Lemma dbinom_add mu x y n :
  PS_mult (dbinom mu x) (dbinom mu y) n = dbinom mu (x + y) n.
Proof.
  induction n as [|n IH].
  - unfold PS_mult. simpl. rewrite !dbinom_0. ring.
  - apply (Rmult_eq_reg_l (INR (S n))); [|apply not_0_INR; lia].
    rewrite PS_mult_dbinom_S, dbinom_S, IH. reflexivity.
Qed.

Definition em1 (mu : R) (n : nat) : R := dbinom mu 1 n - PS_one n.

Definition ep1 (mu : R) (n : nat) : R := dbinom mu 1 n + PS_one n.

Lemma ep1_0_neq0 mu : ep1 mu 0 <> 0.
Proof. unfold ep1, PS_one. rewrite dbinom_0. simpl. lra. Qed.

(* The coefficients of [(e_mu(t) - 1)^k], the k-th forward difference of
   [j |-> e_mu(t)^j] at 0. *)
Definition em1_pow (mu : R) (k n : nat) : R := iter_diff k (fun j => dbinom mu (INR j) n).

Lemma em1_pow_0 mu n : em1_pow mu 0 n = PS_one n.
Proof. unfold em1_pow. destruct n; simpl; [apply dbinom_0 | apply dbinom_0_S]. Qed.

Lemma em1_pow_S mu k n : em1_pow mu (S k) n = PS_mult (em1 mu) (em1_pow mu k) n.
Proof.
  unfold PS_mult, em1_pow.
  rewrite (sum_eq _ (fun i => iter_diff k (fun j => em1 mu i * dbinom mu (INR j) (n - i))))
    by (intros i _; rewrite iter_diff_scal; reflexivity).
  rewrite <- iter_diff_sum. cbn [iter_diff]. symmetry. apply iter_diff_ext. intros j.
  unfold em1.
  rewrite (sum_eq _ (fun i => dbinom mu 1 i * dbinom mu (INR j) (n - i) -
                              PS_one i * dbinom mu (INR j) (n - i))) by (intros; ring).
  rewrite minus_sum.
  change (PS_mult (dbinom mu 1) (dbinom mu (INR j)) n - PS_mult PS_one (dbinom mu (INR j)) n
          = dbinom mu (INR (S j)) n - dbinom mu (INR j) n).
  rewrite dbinom_add, PS_mult_PS_one_l, S_INR, Rplus_comm. reflexivity.
Qed.

Lemma em1_pow_lt mu k n : (n < k)%nat -> em1_pow mu k n = 0.
Proof.
  revert n; induction k as [|k IH]; intros n Hn; [lia|].
  rewrite em1_pow_S. unfold PS_mult.
  rewrite (sum_eq _ (fun _ => 0)) by
    (intros [|i] Hi; [unfold em1, PS_one; rewrite dbinom_0; simpl; ring
                     | rewrite IH by lia; ring]).
  rewrite sum_cte. ring.
Qed.

Lemma em1_pow_stirling mu S2 k n : is_deg_stirling2 mu S2 -> (k <= n)%nat ->
  INR (fact n) * em1_pow mu k n = INR (fact k) * S2 n k.
Proof.
  intros HS Hk. unfold em1_pow.
  rewrite <- iter_diff_scal.
  rewrite (iter_diff_ext _ _ (fun j => sum_f_R0 (fun m => S2 n m * falling (INR j) m) n)).
  2:{ intros j. rewrite <- HS. unfold dbinom. field. apply INR_fact_neq_0. }
  rewrite iter_diff_sum.
  rewrite (sum_eq _ (fun m => if Nat.eqb m k then INR (fact k) * S2 n m else 0)).
  - rewrite sum_f_R0_indicator, (proj2 (Nat.leb_le k n) Hk). reflexivity.
  - intros m _. rewrite iter_diff_scal, iter_diff_falling.
    destruct (Nat.eqb_spec m k) as [->|_]; ring.
Qed.

(* [1 / (1 + e) = 1 / (2 + (e - 1)) = sum_k (-1)^k (e - 1)^k / 2^(k+1)]; only
   the terms [k <= n] contribute to the coefficient of [t^n]. *)
Definition inv_ep1_coef (mu : R) (n : nat) : R :=
  sum_f_R0 (fun k => (-1) ^ k / 2 ^ (k + 1) * em1_pow mu k n) n.

Lemma inv_ep1_coef_wide mu n N : (n <= N)%nat ->
  inv_ep1_coef mu n = sum_f_R0 (fun k => (-1) ^ k / 2 ^ (k + 1) * em1_pow mu k n) N.
Proof.
  induction 1 as [|N HN IH]; [reflexivity|].
  rewrite tech5, <- IH, em1_pow_lt by lia. ring.
Qed.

● ● ●

ASSIGNED TASK ::
From the line holding "(* [1 / (1 + e) = 1 / (2" through the final line of the data above, copy every line exactly as written. Include nothing else.

ANSWER BELOW ::
(* [1 / (1 + e) = 1 / (2 + (e - 1)) = sum_k (-1)^k (e - 1)^k / 2^(k+1)]; only
   the terms [k <= n] contribute to the coefficient of [t^n]. *)
Definition inv_ep1_coef (mu : R) (n : nat) : R :=
  sum_f_R0 (fun k => (-1) ^ k / 2 ^ (k + 1) * em1_pow mu k n) n.

Lemma inv_ep1_coef_wide mu n N : (n <= N)%nat ->
  inv_ep1_coef mu n = sum_f_R0 (fun k => (-1) ^ k / 2 ^ (k + 1) * em1_pow mu k n) N.
Proof.
  induction 1 as [|N HN IH]; [reflexivity|].
  rewrite tech5, <- IH, em1_pow_lt by lia. ring.
Qed.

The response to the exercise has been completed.